Decisions decisions decisions.
Haven’t you made some pretty dumb decisions in your life? I definitely have, and they aren’t always easy to come back from, but there is nothing else you can do but that.
Growing up, everyone tells you how “none of this matters”, “the drama doesn’t matter”, “let it go” etc. But why? It truly does. Those experiences shape you in even the tiniest ways. Here is my first true “blog” and I am going to tell you a little about myself.
I am 24 years old, I am married, I have a Bup (@scarlett.the.bup), we have our own apartment in a beautiful city, our careers are going, relationship is goals, we have traveled to many cities/countries, I cherish family and absolutely adore my friends. But it wasn’t always this way, nor was it easy to attain.

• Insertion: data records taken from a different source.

(* Let $\mathcal{H}_A\cong\mathbb{C}^{d_A}$, $\mathcal{H}_B\cong\mathbb{C}^{d_B}$ with computational bases. Define the diagonal operators $$O_A=\sum_{\vec a=(a,a',a'')\in\mathbb{Z}_{d_A}^3}\big(\alpha_A\delta_{a,a'}+\beta_A\big)|\vec a\rangle\langle\vec a|,\qquad O_B=\sum_{\vec b=(b,b',b'')\in\mathbb{Z}_{d_B}^3}\big(\alpha_B\delta_{b',b''}+\beta_B\big)|\vec b\rangle\langle\vec b|,$$ with $\alpha_A=d_A+1$, $\beta_A=-1$, $\alpha_B=d_B+1$, $\beta_B=-1$. Then $\Phi^3_A(O_A)=W^A_{(1,2)}$, $\Phi^3_B(O_B)=W^B_{(2,3)}$, and hence $(\Phi^3_A\otimes\Phi^3_B)(O_A\otimes O_B)=W^A_{(1,2)}\otimes W^B_{(2,3)}$.
   Context: $\Phi^3(X)=\int_{\mathrm{Haar}}dU\,U^{\otimes3}XU^{\dagger\otimes3}$ is the 3-fold Haar twirl on $(\mathbb{C}^d)^{\otimes3}$; $\Phi^3_A\otimes\Phi^3_B$ denotes independent twirling on the $A$ and $B$ parts of $(\mathcal{H}_A\otimes\mathcal{H}_B)^{\otimes3}\cong\mathcal{H}_A^{\otimes3}\otimes\mathcal{H}_B^{\otimes3}$. $W_{(i,j)}$ is the operator swapping tensor factors $i$ and $j$ of the three copies; superscripts indicate the system. *)

From HB Require Import structures.
From mathcomp Require Import all_boot all_order all_algebra.
From mathcomp Require Import complex.
From mathcomp Require Import all_classical all_reals all_analysis.
Set Implicit Arguments. Unset Strict Implicit. Unset Printing Implicit Defensive.
Import Order.TTheory GRing.Theory Num.Theory.
Local Open Scope ring_scope.
Local Open Scope classical_set_scope.

Section Twirl.
Variable R : realType.
Local Notation C := (R[i]).

Definition CMx (d : nat) := 'M[C]_d.
HB.instance Definition _ (d : nat) := Choice.on (CMx d).
HB.instance Definition _ (d : nat) := isPointed.Build (CMx d) (0%R : 'M[C]_d).

Definition conjT d (M : 'M[C]_d) : 'M[C]_d := (map_mx Num.conj M)^T.

Definition unitary_mx d (M : 'M[C]_d) : Prop := M *m conjT M = 1%:M.

(* Borel sigma-algebra on matrices: generated by the real and imaginary
   parts of the entries (coordinates of C^(d*d) = R^(2 d^2)). *)
Definition entry_sets (d : nat) : set (set (CMx d)) :=
  [set A | exists (i j : 'I_d) (B : set R), measurable B /\
     (A = (fun M : CMx d => complex.Re (M i j)) @^-1` B \/
      A = (fun M : CMx d => complex.Im (M i j)) @^-1` B)].

Definition MxSpace (d : nat) := g_sigma_algebraType (@entry_sets d).
HB.instance Definition _ (d : nat) :=
  Measurable.copy (MxSpace d) (g_sigma_algebraType (@entry_sets d)).

(* mu is a (normalized) Haar measure on U(d): a probability measure on
   matrices, concentrated on U(d), invariant under left multiplication by
   every unitary V. *)
Definition is_Haar (d : nat) (mu : probability (MxSpace d) R) : Prop :=
  mu [set M : MxSpace d | unitary_mx M] = 1%E /\
  forall (V : 'M[C]_d), unitary_mx V ->
    forall A : set (MxSpace d), measurable A ->
      mu ((fun M : MxSpace d => V *m M) @^-1` A) = mu A.

Definition cint (d : nat) (mu : probability (MxSpace d) R)
    (f : MxSpace d -> C) : C :=
  Complex (Rintegral mu setT (fun x => complex.Re (f x)))
          (Rintegral mu setT (fun x => complex.Im (f x))).

(* computational basis of (C^d)^{(x)3}: triples (a, a', a'') *)
Definition idx3 (d : nat) := ('I_d * 'I_d * 'I_d)%type.

(* an operator on a space with computational basis indexed by I is given
   by its matrix entries <x|X|y> *)
Definition op (I : Type) := I -> I -> C.

Definition tens3 d (U : 'M[C]_d) : op (idx3 d) :=
  fun x y => U x.1.1 y.1.1 * U x.1.2 y.1.2 * U x.2 y.2.

Definition kron (I J : Type) (X : op I) (Y : op J) : op (I * J) :=
  fun x y => X x.1 y.1 * Y x.2 y.2.

Definition twirl3 d (mu : probability (MxSpace d) R) (X : op (idx3 d))
  : op (idx3 d) :=
  fun x y => cint mu (fun U : MxSpace d =>
    \sum_(z : idx3 d) \sum_(w : idx3 d)
       tens3 U x z * X z w * Num.conj (tens3 U y w)).

Definition twirl3_AB dA dB (muA : probability (MxSpace dA) R)
    (muB : probability (MxSpace dB) R) (Y : op (idx3 dA * idx3 dB))
  : op (idx3 dA * idx3 dB) :=
  fun x y => cint muA (fun U : MxSpace dA => cint muB (fun V : MxSpace dB =>
    \sum_(z : idx3 dA * idx3 dB) \sum_(w : idx3 dA * idx3 dB)
       (tens3 U x.1 z.1 * tens3 V x.2 z.2) * Y z w *
       Num.conj (tens3 U y.1 w.1 * tens3 V y.2 w.2))).

Definition W12 d : op (idx3 d) :=
  fun x y => if x == (y.1.2, y.1.1, y.2) then 1 else 0.
Definition W23 d : op (idx3 d) :=
  fun x y => if x == (y.1.1, y.2, y.1.2) then 1 else 0.

Definition O_A d : op (idx3 d) :=
  fun x y => if x == y then
     ((d.+1)%:R * (if x.1.1 == x.1.2 then 1 else 0) - 1) else 0.
Definition O_B d : op (idx3 d) :=
  fun x y => if x == y then
     ((d.+1)%:R * (if x.1.2 == x.2 then 1 else 0) - 1) else 0.

End Twirl.

From HB Require Import structures.
From mathcomp Require Import all_boot all_order all_algebra.
From mathcomp Require Import complex.
From mathcomp Require Import all_classical all_reals all_analysis.
From mathcomp Require Import measurable_realfun ring lra.
Set Implicit Arguments. Unset Strict Implicit. Unset Printing Implicit Defensive.
Import Order.TTheory GRing.Theory Num.Theory.
Local Open Scope ring_scope.
Local Open Scope classical_set_scope.
(* Let $A_{\mathbb{Z}}$ and $d_{\mathbb{Z}}:A_{\mathbb{Z}}\to\mathbb{Z}$ be as in the context, let $\lambda$ be the measure on $[0,1)\times A_{\mathbb{Z}}$ given by $\int f\,d\lambda=\int_0^1\sum_{\omega\in A_{\mathbb{Z}}}f(x,\omega)\,dx$, and define $\mathcal E:L^2(\mathbb{R})\to L^2([0,1)\times A_{\mathbb{Z}},\lambda)$ by $\mathcal Ef(x,\omega)=f(x+d_{\mathbb{Z}}(\omega))$. Then $\mathcal E$ is a unitary isomorphism and it intertwines the representations: $\mathcal E\hat T=\tilde T\mathcal E$ and $\mathcal E\hat U=\tilde U\mathcal E$, where on $L^2(\mathbb{R})$, $\hat Tf(\xi)=e^{2\pi i\xi}f(\xi)$, $\hat Uf(\xi)=\sqrt2 f(2\xi)$, and on $L^2([0,1)\times A_{\mathbb{Z}},\lambda)$, $\tilde Tf(x,\omega)=e^{2\pi ix}f(x,\omega)$, $\tilde Uf(x,\omega)=\sqrt2 f(\tilde r(x,\omega))$.
   Context: Words: $\underline0=000\cdots$, $\underline1=111\cdots$; $A_0=\{\omega_1\cdots\omega_n\underline0\}$, $A_1=\{\omega_1\cdots\omega_n\underline1\}$ ($n\ge0$, $\omega_i\in\{0,1\}$), $A_{\mathbb{Z}}=A_0\cup A_1$. $d_{\mathbb{Z}}(\omega_1\cdots\omega_n\underline0)=\sum_{k=1}^n\omega_k2^{k-1}$ and $d_{\mathbb{Z}}(\omega_1\cdots\omega_n\underline1)=\sum_{k=1}^n\omega_k2^{k-1}-2^n$ (a bijection $A_{\mathbb{Z}}\to\mathbb{Z}$). On $[0,1)$: $r(x)=2x\bmod1$, $\tau_0(x)=x/2$, $\tau_1(x)=(x+1)/2$, and $\omega_x\in\{0,1\}$ is the digit with $\tau_{\omega_x}(r(x))=x$. $\tilde r(x,\omega_1\omega_2\cdots)=(r(x),\omega_x\omega_1\omega_2\cdots)$. *)

From HB Require Import structures.
From mathcomp Require Import all_boot all_order all_algebra.
From mathcomp Require Import all_classical all_reals all_analysis.
From mathcomp Require Import complex.
Set Implicit Arguments. Unset Strict Implicit. Unset Printing Implicit Defensive.
Import Order.TTheory GRing.Theory Num.Theory.
Local Open Scope classical_set_scope.
Local Open Scope ring_scope.

Section Defs.
Variable R : realType.

Definition C := complex R.
Definition cre (z : C) : R := complex.Re z.
Definition cim (z : C) : R := complex.Im z.
Definition csq (z : C) : R := cre z ^+ 2 + cim z ^+ 2.
Definition creal (a : R) : C := Complex a 0.
Definition cexpi (t : R) : C := Complex (cos t) (sin t).

(** Words omega_1 omega_2 ... are infinite binary sequences, indexed from 0:
    w 0 = omega_1, w 1 = omega_2, ... *)
Definition word := nat -> bool.

Definition A0 : set word :=
  [set w | exists n : nat, forall k, (n <= k)%N -> w k = false].
Definition A1 : set word :=
  [set w | exists n : nat, forall k, (n <= k)%N -> w k = true].
Definition AZ : set word := A0 `|` A1.

(** An index n after which w is constant (w = w_0 ... w_{n-1} (w_n)^oo);
    chosen classically (0 if w is not eventually constant). *)
Definition tail_index (w : word) : nat :=
  xget 0%N [set n | forall k, (n <= k)%N -> w k = w n].

(** d_Z(w_1...w_n 0^oo) = sum_k w_k 2^(k-1),
    d_Z(w_1...w_n 1^oo) = sum_k w_k 2^(k-1) - 2^n *)
Definition dZ (w : word) : int :=
  let n := tail_index w in
  (\sum_(k < n) (w k)%:Z * 2 ^+ k) - (w n)%:Z * 2 ^+ n.

Definition r (x : R) : R := 2 * x - (Num.floor (2 * x))%:~R.
Definition tau0 (x : R) : R := x / 2.
Definition tau1 (x : R) : R := (x + 1) / 2.
Definition omega_x (x : R) : bool := tau1 (r x) == x.
Definition wcons (b : bool) (w : word) : word :=
  fun k => if k is k'.+1 then w k' else b.
Definition rtilde (xw : R * word) : R * word :=
  (r xw.1, wcons (omega_x xw.1) xw.2).

Definition I01 : set R := `[0, 1[.

Definition sqnormR (f : R -> C) : \bar R :=
  (\int[lebesgue_measure]_x ((csq (f x))%:E))%E.
Definition L2R (f : R -> C) : Prop :=
  [/\ measurable_fun setT (cre \o f), measurable_fun setT (cim \o f)
    & (sqnormR f < +oo)%E].

(** L^2([0,1) x A_Z, lambda) with  int g dlambda = int_0^1 sum_{w in A_Z} g(x,w) dx.
    Functions on [0,1) x A_Z are represented as curried maps R -> word -> C
    (only values on [0,1) x A_Z matter). Measurability w.r.t. the product of
    the Borel sigma-algebra on [0,1) and the discrete one on the countable
    set A_Z amounts to measurability of every slice. *)
Definition sqnormA (g : R -> word -> C) : \bar R :=
  (\int[lebesgue_measure]_(x in I01) (\esum_(w in AZ) (csq (g x w))%:E))%E.
Definition L2A (g : R -> word -> C) : Prop :=
  (forall w, AZ w -> measurable_fun I01 (cre \o g ^~ w)
                   /\ measurable_fun I01 (cim \o g ^~ w))
  /\ (sqnormA g < +oo)%E.

Definition Eop (f : R -> C) : R -> word -> C :=
  fun x w => f (x + (dZ w)%:~R).

Definition That (f : R -> C) : R -> C := fun xi => cexpi (2 * pi * xi) * f xi.
Definition Uhat (f : R -> C) : R -> C := fun xi => creal (Num.sqrt 2) * f (2 * xi).
Definition Ttil (g : R -> word -> C) : R -> word -> C :=
  fun x w => cexpi (2 * pi * x) * g x w.
Definition Util (g : R -> word -> C) : R -> word -> C :=
  fun x w => creal (Num.sqrt 2) * g (rtilde (x, w)).1 (rtilde (x, w)).2.

End Defs.

From HB Require Import structures.
From mathcomp Require Import all_boot all_order all_algebra.
From mathcomp Require Import all_classical all_reals all_analysis.
From mathcomp Require Import complex measurable_realfun ring lra zify.
Set Implicit Arguments. Unset Strict Implicit. Unset Printing Implicit Defensive.
Import Order.TTheory GRing.Theory Num.Theory.
Local Open Scope classical_set_scope.
Local Open Scope ring_scope.
(* König's lemma: the prefix of length [n] is chosen so that infinitely many
   [x M] begin with it. *)
Lemma XB_cluster (x : nat -> XB B) :
  exists y : XB B, forall N, inf_often (fun M => agree_below (pth B (x M)) (pth B y) N).
Proof.
pose G n p := inf_often (fun M => agree_below (pth B (x M)) p n).
have hstep : forall n p, G n p -> exists q, G n.+1 q /\ agree_below q p n.
  move=> n p hp; have [e he] := inf_often_pigeonhole (fun M => pth B (x M) n) hp.
  have [M0 [_ [hM0 eM0]]] := he 0.
  exists (pth B (x M0)); split=> [K|j hj]; last by rewrite hM0.
  have [M [hKM [hM eM]]] := he K; exists M; split=> // j.
  rewrite ltnS leq_eqVlt => /orP [/eqP ->|hj]; first by rewrite eM eM0.
  by rewrite hM // hM0.
have G0 : G 0 (pth B (x 0)) by move=> K; exists K.
have [f hf] := dependent_choice_nat (ex_intro _ _ G0) hstep.
have fcoh : forall j m, j < m -> f m j = f j.+1 j.
  move=> j; elim=> [|m IH] //; rewrite ltnS leq_eqVlt => /orP [/eqP ->|hjm] //.
  by rewrite (proj2 (hf m)) ?IH.
have ylinked : forall j, linked (fun j => f j.+1 j) j.
  move=> j; have [M [_ hM]] := proj1 (hf j.+2) 0.
  rewrite /linked -(fcoh j j.+2) // -!hM //; exact: (svalP (x M) j).
exists (exist _ _ ylinked) => N K.
have [M [hKM hM]] := proj1 (hf N) K.
by exists M; split=> // j hj; rewrite hM // fcoh.
Qed.

Section Order.
Variable ord : forall n, E B n -> nat.
Arguments ord : clear implicits.

Lemma exists_max_edge n (u : V B n.+1) : exists e : E B n, rng e = u /\ maxE B ord n e.
Proof.
have [e0 he0] := rng_surj u.
case: (@arg_maxnP _ e0 (fun e : E B n => rng e == u) (ord n)); first exact/eqP.
move=> e /eqP he hmax; exists e; split=> // e' he'.
by apply: hmax; rewrite he' he.
Qed.

Lemma exists_pred_edge n (e e1 : E B n) : rng e1 = rng e -> ord n e1 < ord n e ->
  exists e0, [/\ rng e0 = rng e, ord n e1 <= ord n e0 & succE B ord n e0 e].
Proof.
move=> he1 hlt.
case: (@arg_maxnP _ e1 (fun e' : E B n => (rng e' == rng e) && (ord n e' < ord n e)) (ord n)).
  by rewrite he1 eqxx hlt.
move=> e0 /andP [/eqP he0 hlt0] hmax.
exists e0; split=> //; first by apply: hmax; rewrite he1 eqxx hlt.
split; first by rewrite he0.
split=> // e'' he'' hlt''; rewrite leqNgt; apply/negP => hlt'.
by have := hmax e''; rewrite he'' he0 eqxx hlt' => /(_ isT); lia.
Qed.

Lemma succE_uniq n (e e1 e2 : E B n) : is_order B ord ->
  succE B ord n e e1 -> succE B ord n e e2 -> e1 = e2.
Proof.
move=> hord [r1 [o1 m1]] [r2 [o2 m2]]; apply: hord; first by rewrite r1 r2.
by have := m1 e2 r2 o2; have := m2 e1 r1 o1; lia.
Qed.

Lemma exists_max_prefix M (p : epath B) : (forall j, M <= j -> linked p j) ->
  exists z : XB B,
    (forall j, j < M -> maxE B ord j (pth B z j)) /\ agree_from (pth B z) p M.
Proof.
elim: M p => [|M IH] p hp.
  by exists (exist _ p (fun j => hp j (leq0n j))).
have [e [he emax]] := exists_max_edge (src (p M.+1)).
have hp' : forall j, M <= j -> linked (set_edge p e) j.
  move=> j; rewrite leq_eqVlt => /orP [/eqP <-|hj].
    by rewrite /linked set_edge_eq set_edge_neq; [| lia].
  by rewrite /linked !set_edge_neq; [exact: hp | lia | lia].
have [z [zmax zag]] := IH _ hp'.
exists z; split=> [j|j hj].
  rewrite ltnS leq_eqVlt => /orP [/eqP ->|]; last exact: zmax.
  by rewrite zag // set_edge_eq.
by rewrite zag ?set_edge_neq //; lia.
Qed.

Section Vershik.
Variables (k : nat) (zmax zmin : 'I_k -> XB B) (sigma : XB B -> XB B).
Hypothesis ord_inj : is_order B ord.
Hypothesis max_paths : forall x : XB B, (forall n, maxE B ord n (pth B x n)) <->
  exists i, forall n, pth B x n = pth B (zmax i) n.
Hypothesis sigma_vershik : forall x, vershik B ord k zmax zmin x (sigma x).

Lemma zmax_max i n : maxE B ord n (pth B (zmax i) n).
Proof. by apply: (proj2 (max_paths (zmax i))); exists i. Qed.

Lemma max_path_zmax (x : XB B) : (forall n, maxE B ord n (pth B x n)) -> exists i, x = zmax i.
Proof. by move=> /max_paths [i hi]; exists i; apply: XB_ext. Qed.

Lemma vershik_succ (z : XB B) m :
  (forall j, j < m -> maxE B ord j (pth B z j)) -> ~ maxE B ord m (pth B z m) ->
  succE B ord m (pth B z m) (pth B (sigma z) m) /\
  agree_from (pth B (sigma z)) (pth B z) m.+1.
Proof.
move=> hbelow hm.
case: (sigma_vershik z) => [[i [hz _]]|[d [hd [hdm [hsucc [hag _]]]]]].
  by case: hm; rewrite hz; exact: zmax_max.
have edm : d = m.
  case: (ltngtP d m) => // h; [by case: hdm; apply: hbelow | by case: hm; apply: hd].
by subst d; split=> // j hj; apply: hag.
Qed.

Lemma vershik_agree_from (x : XB B) :
  (exists i, x = zmax i /\ sigma x = zmin i) \/
  exists d, agree_from (pth B (sigma x)) (pth B x) d.
Proof.
case: (sigma_vershik x) => [[i [hx hsx]]|[d [_ [_ [_ [hag _]]]]]].
  by left; exists i; split; apply: XB_ext.
by right; exists d.+1.
Qed.

Lemma invariantC (A : XB B -> Prop) :
  Defs.invariant B sigma A -> Defs.invariant B sigma (fun x => ~ A x).
Proof. by move=> hA x; rewrite (hA x). Qed.

Section TailStep.
Variable m : nat.
Hypothesis tail_closed : forall A, Defs.invariant B sigma A ->
  forall x x' : XB B, agree_from (pth B x) (pth B x') m -> A x -> A x'.

(* Maximize the edges below [m]; then σ increments the edge at level [m]. *)
Lemma invariant_succ_step A (z : XB B) e :
  Defs.invariant B sigma A -> A z -> succE B ord m (pth B z m) e ->
  exists z', [/\ A z', pth B z' m = e & agree_from (pth B z') (pth B z) m.+1].
Proof.
move=> hA Az hsucc.
have [zs [zs_max zs_ag]] := exists_max_prefix (fun j (_ : m <= j) => svalP z j).
have Azs : A zs by apply: (tail_closed hA _ Az) => j hj; rewrite zs_ag.
have zs_m : pth B zs m = pth B z m by rewrite zs_ag.
have zs_nmax : ~ maxE B ord m (pth B zs m).
  case: hsucc => [he [hlt _]] hmax.
  by have := hmax e; rewrite zs_m => /(_ he); lia.
have [hsucc' hag] := vershik_succ zs_max zs_nmax.
exists (sigma zs); split; first exact/(hA zs).
  have hsucc_zs : succE B ord m (pth B zs m) e by rewrite zs_m.
  exact: succE_uniq ord_inj hsucc' hsucc_zs.
by move=> j hj; rewrite hag // zs_ag //; lia.
Qed.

3 years old and growing up with two sets of grandparents & then some. Not ever truly having a “home.” Uncertain what the weekend may bring. My life completely changed when I was 11. I was screaming for attention and nobody heard it. I did have a family & parents, but I relied on friends and their parents for rides, food, advice, etc. This age is dangerous when growing up. Minds are changing, bodies are changing, nothing makes sense and who ‘tf was there to explain these situations and help get through them!? Middle school to high school was, again, a huge transition in life. I was ripped away from some of my best friends and now set to make new ones. Again, relying on new friends, the cycle continued. Except, no one truly tells you how crucial these relationships are.
I definitely have repressed memories for SO many years of my life. Someone can tell me about a memory they so easily remember and I have to sit there and think long and hard just to remember a glimpse of it- maybe. I actually have to ask questions in order to make sure I know what they are talking about. Not remembering the hurtful moments, has also caused me to forget the good ones. How awful, right!?
Which brings me to where I am now.
I truly feel awful to everyone that was destroyed by me and my actions along the way to finding myself. I always had my guard up, to protect. I lashed out and pushed away, to ensure that I got to you first before you found a reason to leave, too. This mentality was dangerous and it was the fault of many failed friendships, relationships, and failed commitments. I am sorry.
So what now?
This has truly felt like a 12 step program. Admit what I’ve done, accept it, make a decision to change, get help- go to therapy, talk openly about it, and just freaking do it.
So that is what I did. Accepting demons and other peoples demons for that matter because wtf, I was a child- children should be protected, they shouldn’t feel what adults are feeling, adults are a child’s only world. But then, I wasn’t a child anymore… it was time to make my own decisions, and as a teenager, I had failed at doing so.
I decided that starting with my relationship was the best place to start. After all, this is the man that is choosing me, every single day. He has seen me at my lows and he deserves me at my highs. Having a truly supportive significant other was very important, after all, he is the one I want to spend my life with. He understood the blow ups, anxiety attacks, and more, and even when he didn’t, he took it all with the thought of, ‘she is working on it, we are working on it, and we will get through this.’
Do not underestimate therapy. Why is it so taboo? I have seen different therapists and there is something intriguing about the fact that this person doesn’t know anything about you, so you can be you- strange, right? My first therapist actually taught me how to control my anxiety better, find the root, and meditate- do I do this often? not anymore, but it was part of the steps I had to learn. Finding the root! So important. My OCD and need for control were a negative thing, but I have turned them into positives in my life. When finding a therapist, do not just make an appointment. Research. Decide what elements you need in order to feel comfortable. When you have your first session, it is not to scare you or intimidate you… you need to interview the therapist. Ask your therapist, “what kind of therapy modality do you use and how will you use it with me?” and go from there. I learned that modalities are “types” of skills and styles that a therapist uses. For example, mine got his education (masters) but did specific trainings and much more education over the years to truly help his patients use meditation as part of their healing process. He never steered away from it… so if your therapist is confused or says they practice many types, etc. schedule an appointment with a different one and try again. Your health is important, get through this process- even if it seems a bit stressful.
Bottom line, life is not always flowers and rainbows. Nor will you ever see rainbows if you don’t work your ass off to find your flaws and weaknesses and make a change for the better. Get up everyday, love yourself with positive affirmations, find a reason to do something each day, set goals, have a hobby do some crafts. Your past is in the past. Learn from it and move ‘tf on. Get through it, talk about every feeling you feel, at the very least, embrace those feelings. Let people in. Check in with your friends, remind them that they are important. Check in on your family members. People don’t have to like you. Be you, and if someone doesn’t like that you are doing your absolute best, forget them.
Happy 2021, the comeback, the get healthy, the do you year (but do it forever)!
I am beautiful, I am strong, I am loved, I am kind.